(* Let $d\ge 3$, let $K$ be an algebraically closed field of characteristic $p$ with $p=0$ or $p>d$, let $X_d\subset\mathbb{P}^3(K)$ be a smooth surface of degree $d$, let $L\subset X_d$ be a line, and let $P\in L$ be a point such that the Hessian quadric $V_P$ does not contain the tangent plane $\mathbb{T}_PX_d$. If $L$ is a line of the second kind, then the form $\mathfrak t_P^{(3)}$ vanishes identically on the set-theoretic intersection $\mathbb{T}_PX_d\cap V_P$.
   Context: Let $f$ be a homogeneous defining polynomial of $X_d$. For $P=(p_0:\dots:p_3)$ and $j=1,2,3$ put $\mathfrak t_P^{(j)}(z):=\sum_{0\le i_1,\dots,i_j\le 3}\frac{\partial^j f}{\partial w_{i_1}\cdots\partial w_{i_j}}(p_0,\dots,p_3)\,z_{i_1}\cdots z_{i_j}$. Then $\mathbb{T}_PX_d=V(\mathfrak t_P^{(1)})$ is the projective tangent plane of $X_d$ at $P$ and $V_P=V(\mathfrak t_P^{(2)})$ is the Hessian quadric at $P$. A line $L\subset X_d$ is called a line of the second kind if it meets every plane curve $\Gamma\in|\mathcal O_{X_d}(1)-L|$ (i.e. every curve residual to $L$ in the intersection of $X_d$ with a plane containing $L$) only in inflection points of $\Gamma$; otherwise it is of the first kind. *)

From HB Require Import structures.
From mathcomp Require Import all_boot all_order all_algebra.
Set Implicit Arguments. Unset Strict Implicit. Unset Printing Implicit Defensive.
Import Order.TTheory GRing.Theory Num.Theory.
Local Open Scope ring_scope.

Notation exps n D := {ffun 'I_n -> 'I_D.+1}.
(* polynomials in n variables w_0..w_{n-1} with all partial degrees <= D *)
Notation mpoly K n D := {ffun exps n D -> K}.

Definition meval (K : comNzRingType) n D (p : mpoly K n D) (x : 'I_n -> K) : K :=
  \sum_(e : exps n D) p e * \prod_(i < n) x i ^+ e i.

Definition mevalP (K : comNzRingType) n D (p : mpoly K n D) (x : 'I_n -> {poly K})
  : {poly K} :=
  \sum_(e : exps n D) (p e)%:P * \prod_(i < n) x i ^+ e i.

Definition homogeneous (K : comNzRingType) n D (p : mpoly K n D) (d : nat) : Prop :=
  forall e : exps n D, p e != 0 -> (\sum_(i < n) nat_of_ord (e i))%N = d.

(* e + delta_i, truncated into the bounded exponent type *)
Definition exp_incr n D (e : exps n D) (i : 'I_n) : exps n D :=
  [ffun j => if j == i then inord (e i).+1 else e j].

Definition mderiv (K : comNzRingType) n D (i : 'I_n) (p : mpoly K n D) : mpoly K n D :=
  [ffun e : exps n D => if (e i < D)%N then (e i).+1%:R * p (exp_incr e i) else 0].

Definition mderivs (K : comNzRingType) n D j (s : {ffun 'I_j -> 'I_n}) (p : mpoly K n D)
  : mpoly K n D :=
  foldr (@mderiv K n D) p [seq s k | k <- enum 'I_j].

Definition tP (K : comNzRingType) D (j : nat) (f : mpoly K 4 D) (P z : 'I_4 -> K) : K :=
  \sum_(s : {ffun 'I_j -> 'I_4}) meval (mderivs s f) P * \prod_(k < j) z (s k).

Definition nonzero_vec (K : nzRingType) n (x : 'I_n -> K) : Prop := exists i, x i != 0.

Definition indep2 (K : nzRingType) n (a b : 'I_n -> K) : Prop :=
  forall s t : K, (forall i, s * a i + t * b i = 0) -> s = 0 /\ t = 0.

--- Goal of the exercise ---
Each line holding the word "Prop" must be pulled from the records.

--- Your response ---
Definition homogeneous (K : comNzRingType) n D (p : mpoly K n D) (d : nat) : Prop :=
Definition nonzero_vec (K : nzRingType) n (x : 'I_n -> K) : Prop := exists i, x i != 0.
Definition indep2 (K : nzRingType) n (a b : 'I_n -> K) : Prop :=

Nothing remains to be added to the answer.